Exercise details:
Going through the data below, find how many lines include the word "exists", and reply with that number alone.

Material for this task:
◆ ◆ ◆ ◆ ◆

Lemma skew_unionP x :
  reflect (exists j, exists2 c, j < b /\ c \in Y j & x = shift j c) (x \in sh).
Proof.
apply: (iffP flatten_mapP) => [[j] | [j [c [Hj Hc] ->]]].
  by rewrite mem_iota /= => Hj /mapP [c Hc ->]; exists j, c.
by exists j; [rewrite mem_iota | rewrite piece_shift mem_map //; apply: shift_inj].
Qed.

Lemma shift_in_skew j c : j < b -> c \in Y j -> shift j c \in sh.
Proof. by move=> Hj Hc; apply/skew_unionP; exists j, c. Qed.

Lemma skew_right j c : j < b -> c \in Y j ->
  (shift j (c.1, c.2.+1) \in sh) = ((c.1, c.2.+1) \in Y j).
Proof.
move=> Hj Hc; apply/idP/idP; last exact: shift_in_skew.
case/skew_unionP => j0 [c0 [Hj0 Hc0] E].
have Ej : j = j0 by apply: (shift_same_row Hj Hj0 Hc Hc0); rewrite -E.
by subst j0; rewrite (shift_inj E).
Qed.

Lemma skew_down j c : j < b -> c \in Y j ->
  (shift j (c.1.+1, c.2) \in sh) = ((c.1.+1, c.2) \in Y j).
Proof.
move=> Hj Hc; apply/idP/idP; last exact: shift_in_skew.
case/skew_unionP => j0 [c0 [Hj0 Hc0] E].
have Ej : j = j0 by apply: (shift_same_col Hj Hj0 Hc Hc0); rewrite -E.
by subst j0; rewrite (shift_inj E).
Qed.

Lemma union_tab_shift Us j c : j < b -> c \in Y j -> union_tab las Us (shift j c) = Us j c.
Proof.
move=> Hj Hc; rewrite /union_tab.
have : j \in iota 0 b by rewrite mem_iota.
have : forall i, i \in iota 0 b -> shift j c \in piece las i -> i = j.
  move=> i; rewrite mem_iota /= => Hi; rewrite piece_shift => /mapP [c' Hc' E].
  by have [] := shift_eq Hi Hj Hc' Hc (esym E).
elim: (iota 0 b) => //= i s IH Hu.
case: ifP => [Hin _ | Hin].
  have Ei := Hu i (mem_head _ _) Hin; subst i.
  by rewrite /shift /= !addnK [in RHS](surjective_pairing c).
rewrite inE => /orP [/eqP Ei | Hs].
  by subst i; rewrite piece_shift mem_map ?Hc in Hin; last exact: shift_inj.
by apply: IH Hs => i' Hi'; apply: Hu; rewrite inE Hi' orbT.
Qed.

Lemma union_tab_out Us x : x \notin sh -> union_tab las Us x = 0.
Proof.
move=> Hx; rewrite /union_tab.
have : forall i, i \in iota 0 b -> x \notin piece las i.
  by move=> i Hi; apply: contra Hx => H; apply/flatten_mapP; exists i.
elim: (iota 0 b) => //= i s IH Hu.
rewrite (negbTE (Hu i (mem_head _ _))); apply: IH => i' Hi'; apply: Hu; by rewrite inE Hi' orbT.
Qed.

Lemma size_skew_union : size sh = n.
Proof.
rewrite /skew_union size_flatten /shape -map_comp.
rewrite (eq_map (g := fun j => q j)); last by move=> i /=; rewrite size_map size_ydiag.
by rewrite (map_comp sumn) -/(mkseq _ _) mkseq_nth.
Qed.

Lemma uniq_skew_union : uniq sh.
Proof.
apply: uniq_flatten_blocks (iota_uniq _ _) _ _ => [j | j j' x].
  by rewrite piece_shift map_inj_uniq ?uniq_ydiag //; apply: shift_inj.
rewrite !mem_iota /= !piece_shift => Hj Hj' /mapP [c Hc ->] /mapP [c' Hc' E].
by have [] := shift_eq Hj Hj' Hc Hc' E.
Qed.

(* T is encoded by the word w in [0, b)^n and the fillings S j of the pieces
   when the entry v of T lies in piece w_v, and S j c is the rank of the entry
   of T at shift j c among the entries of piece j. *)
Record encodes (T : tableau) (S : nat -> tableau) (w : seq nat) : Prop := Encodes {
  enc_size : size w = n;
  enc_letters : all (fun x => x < b) w;
  enc_count : forall j, j < b -> count (pred1 j) w = q j;
  enc_pieces : forall j, j < b -> std_filling (Y j) (S j);
  enc_rank : forall j c, j < b -> c \in Y j -> occ_rank b w j (T (shift j c)) (S j c);
  enc_out : forall x, x \notin sh -> T x = 0 }.

Lemma piece_neq_size j : j < b -> j != b.
Proof. by move=> Hj; rewrite ltn_eqF. Qed.

Lemma encodes_inj T S w : encodes T S w -> {in sh &, injective T}.
Proof.
case=> _ _ _ HS HR _ x y /skew_unionP [j [c [Hj Hc] ->]] /skew_unionP [j' [c' [Hj' Hc'] ->]] E.
have R := HR _ _ Hj Hc; have R' := HR _ _ Hj' Hc'.
have Ej : j = j' by case: R R' => _ <- _ [_ <- _]; rewrite E.
subst j'; rewrite -E in R'.
have := occ_rank_inj (piece_neq_size Hj) R R'; rewrite eqxx => /esym /eqP Et.
by rewrite (std_filling_inj (HS _ Hj) Hc Hc' Et).
Qed.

◆ ◆ ◆ ◆ ◆

Result of the exercise:
5